L’on peut ainsi formuler une remarque globale à l’issue de cette étude portant sur la représentation de l’écorchage de Marsyas. C’est que la littérature latine se montre beaucoup plus explicite au sujet du supplice que du résultat de ce supplice. Comme si le récit visait à l’édification plus qu’à l’étiologie, en insistant sur les risques encourus par les orgueilleux. La littérature latine est aussi plus crue que ne l’est l’iconographie dans son ensemble qui, sous des formes très variées, ne représente le personnage de Marsyas qu’avant la punition : sans lien avec Apollon et seulement chargé d’une outre évocatrice, pendant le concours ou au moment où Apollon s’apprête à accomplir son geste ; elle est plus explicite aussi que les auteurs grecs antérieurs à nos sources, qui évoquent seulement l’écorchage avec une grande économie de moyen (par le verbe ἐκδέρω essentiellement, et une fois ἐκτέμνω), sans représenter le corps mis à nu.

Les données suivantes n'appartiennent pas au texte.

Lemma altdesB_charges : (0 < n)%N ->
  altdesB (s, e) = (\sum_(j < n) (e j (+) odd j.+1) * smaller_nbrs a j.+1)%N.
Proof.
move=> n_gt0; rewrite /altdesB.
rewrite (eq_in_count (a2 := fun i => charged a E i + charged a E i.+1 < 0)); last first.
  move=> i; rewrite mem_iota add0n => /andP [_ lt_in].
  by rewrite !sword_charged ?alt_step_signE // ltnW.
rewrite count_neg_adjacent_sums //; first by apply: eq_bigr => j _; rewrite /E shift_funE.
  exact: ext_last.
by move=> i; apply: ext_neq; left.
Qed.

End SignedPermutations.

Section Standardization.

Variables (n : nat) (f : {ffun 'I_n -> bool}).

Definition signed_val (m : 'I_n) : int := (-1) ^+ f m * (m.+1)%:Z.

Lemma signed_val_inj : injective signed_val.
Proof.
move=> m1 m2; rewrite /signed_val.
case: (f m1); case: (f m2); rewrite ?expr0 ?expr1 ?mul1r ?mulN1r => eq_m.
all: by apply: val_inj => /=; lia.
Qed.

Definition std_perm : 'S_n := rank_perm signed_val_inj.

Variable t : 'S_n.

Let a := ext n.+1 n.+1 t.
Let E k := shift_fun (fun j => f (t j)) k (+) odd k.

Lemma pword_std_lt k1 k2 : (k1 < n)%N -> (k2 < n)%N ->
  (pword (t * std_perm)%g k1.+1 < pword (t * std_perm)%g k2.+1)%N
  = ((-1) ^+ odd k1.+1 * charged a E k1.+1 < (-1) ^+ odd k2.+1 * charged a E k2.+1).
Proof.
move=> lt_k1n lt_k2n.
have val_charged (j : 'I_n) : signed_val (t j) = (-1) ^+ odd j.+1 * charged a E j.+1.
  rewrite /charged /a /E extE shift_funE /signed_val.
  by rewrite /=; case: (f _); case: (odd _); rewrite /= ?expr0 ?expr1 ?mul1r ?mulN1r ?opprK.
rewrite (pwordE _ (Ordinal lt_k1n)) (pwordE _ (Ordinal lt_k2n)) !permM !permE ltnS.
by rewrite (rank_lt signed_val_inj) (val_charged (Ordinal lt_k1n)) (val_charged (Ordinal lt_k2n)).
Qed.

Lemma altdes_std_charges : (0 < n)%N ->
  altdes (t * std_perm)%g = (\sum_(j < n) (f (t j) (+) odd j.+1) * smaller_nbrs a j.+1)%N.
Proof.
move=> n_gt0.
have a10 : (a 1 < a 0)%N by rewrite /a (extE _ _ _ (Ordinal n_gt0)) /ext /= ltnS ltn_ord.
have first_step : (charged a E 0 + charged a E 1 < 0) = false.
  by rewrite charged_add_lt0 1?eq_sym ?ltn_eqF // (leq_gtF (ltnW a10)) andbF /E.
transitivity (\sum_(j < n) E j.+1 * smaller_nbrs a j.+1)%N; last first.
  by apply: eq_bigr => j _; rewrite /E shift_funE.
rewrite -count_neg_adjacent_sums //; last first.
- by move=> i; apply: ext_neq; right.
- exact: ext_last.
rewrite -[n in iota 0 n](prednK n_gt0) /= first_step add0n /altdes.
apply: eq_in_count => -[|k]; rewrite mem_iota add1n prednK // => /andP [_ lt_k1n].
have lt_kn := ltnW lt_k1n.
by rewrite orbC !pword_std_lt ?alt_step_signE.
Qed.

End Standardization.

Lemma prod_smaller_nbrs (R : comPzRingType) (x : R) n a (s : 'S_n) : a = 0%N \/ (n < a)%N ->
  \prod_(j < n) (1 + x ^+ smaller_nbrs (ext a n.+1 s) j.+1)
    = (1 + x) ^+ dda a n.+1 s * 2 ^+ valley a n.+1 s * (1 + x ^+ 2) ^+ peak a n.+1 s.
Proof.
move=> a_out.
transitivity (\prod_(1 <= k < n.+1) (1 + x ^+ smaller_nbrs (ext a n.+1 s) k)).
  by rewrite big_add1 big_mkord.
rewrite /index_iota subSS subn0 prod_1addX_count; last first.
  by move=> k; rewrite /smaller_nbrs; case: (_ < _)%N; case: (_ < _)%N.
rewrite /dda /valley /peak; congr (_ ^+ _ * _ ^+ _ * _ ^+ _).
all: apply: eq_in_count => k /(ext_neq_nbrs s a_out) [neq_pred neq_succ].
all: by have [dd va pk] := smaller_nbrs_cases neq_pred neq_succ; rewrite ?dd ?va ?pk.
Qed.

Theorem theorem1p1 (n : nat) (hn : (1 <= n)%N) :
  (2 ^+ n * A_hat n =
     \sum_(s : 'S_n) (1 + 'X) ^+ dda n.+1 n.+1 s * 2 ^+ valley n.+1 n.+1 s
                      * (1 + 'X ^+ 2) ^+ peak n.+1 n.+1 s)
  /\
  (B_hat n =
     \sum_(s : 'S_n) (1 + 'X) ^+ dda 0 n.+1 s * 2 ^+ valley 0 n.+1 s
                      * (1 + 'X ^+ 2) ^+ peak 0 n.+1 s).
Proof.
split.
  transitivity (\sum_(f : {ffun 'I_n -> bool}) \sum_(t : 'S_n) 'X^(altdes (t * std_perm f)%g)
                 : {poly int}).
    have -> : 2 ^+ n = #|{ffun 'I_n -> bool}|%:R :> {poly int}.
      by rewrite card_ffun card_bool card_ord natrX.
    rewrite /A_hat mulr_natl -sumr_const.
    by apply: eq_bigr => f _; rewrite (reindex_inj (mulIg (std_perm f))).
  rewrite exchange_big; apply: eq_bigr => t _.
  under eq_bigr => f _ do rewrite altdes_std_charges //.
  by rewrite sum_ffun_charges_perm prod_smaller_nbrs //; right.
transitivity (\sum_(s : 'S_n) \sum_(e : {ffun 'I_n -> bool}) 'X^(altdesB (s, e))
               : {poly int}).
  by rewrite pair_bigA; apply: eq_bigr => -[s e].
apply: eq_bigr => s _.
under eq_bigr => e _ do rewrite altdesB_charges //.
by rewrite sum_ffun_charges prod_smaller_nbrs //; left.
Qed.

Il faut alors y voir un fort goût (ou dégoût) romain pour le pathétique et l’horrible, le sanguinolent, mais seulement en imagination, dans les textes, et non dans les représentations figurées. Le pas sera franchi à la Renaissance, époque à laquelle l’anatomie de Marsyas est dévoilée dans des gravures et enluminures, comme la lettrine de Vésale de 1543, représentant l’écorchage par Apollon (Figure 3). Ce qui était supplice et châtiment dans le mythe prend une valeur scientifique et anatomique, soulignant peut-être les liens d’Apollon avec la médecine. De même, le Frontispice de Valverde (Figure 4), datant de 1586 reprend le motif de Marsyas : on y voit en surplomb la peau écorchée du satyre malheureux, au visage faunesque mais aux mains et pieds bien humains. Sur l’une des figures illustrant le Traité des instruments et martyrs de Gallonio, de 1590 (Figure 5), on peut reconnaître dans l’écorché à gauche un motif inspiré du Marsyas religatus évoqué par Pline ou le Marsyas condamné apparaissant sur des monnaies du Ier siècle av. J.-C. (Figure 2). Mais cette fois-ci, l’écorchage a lieu sous nos yeux et la peau tombe en drapé le long du corps, comme un écho au vêtement figurant au premier plan.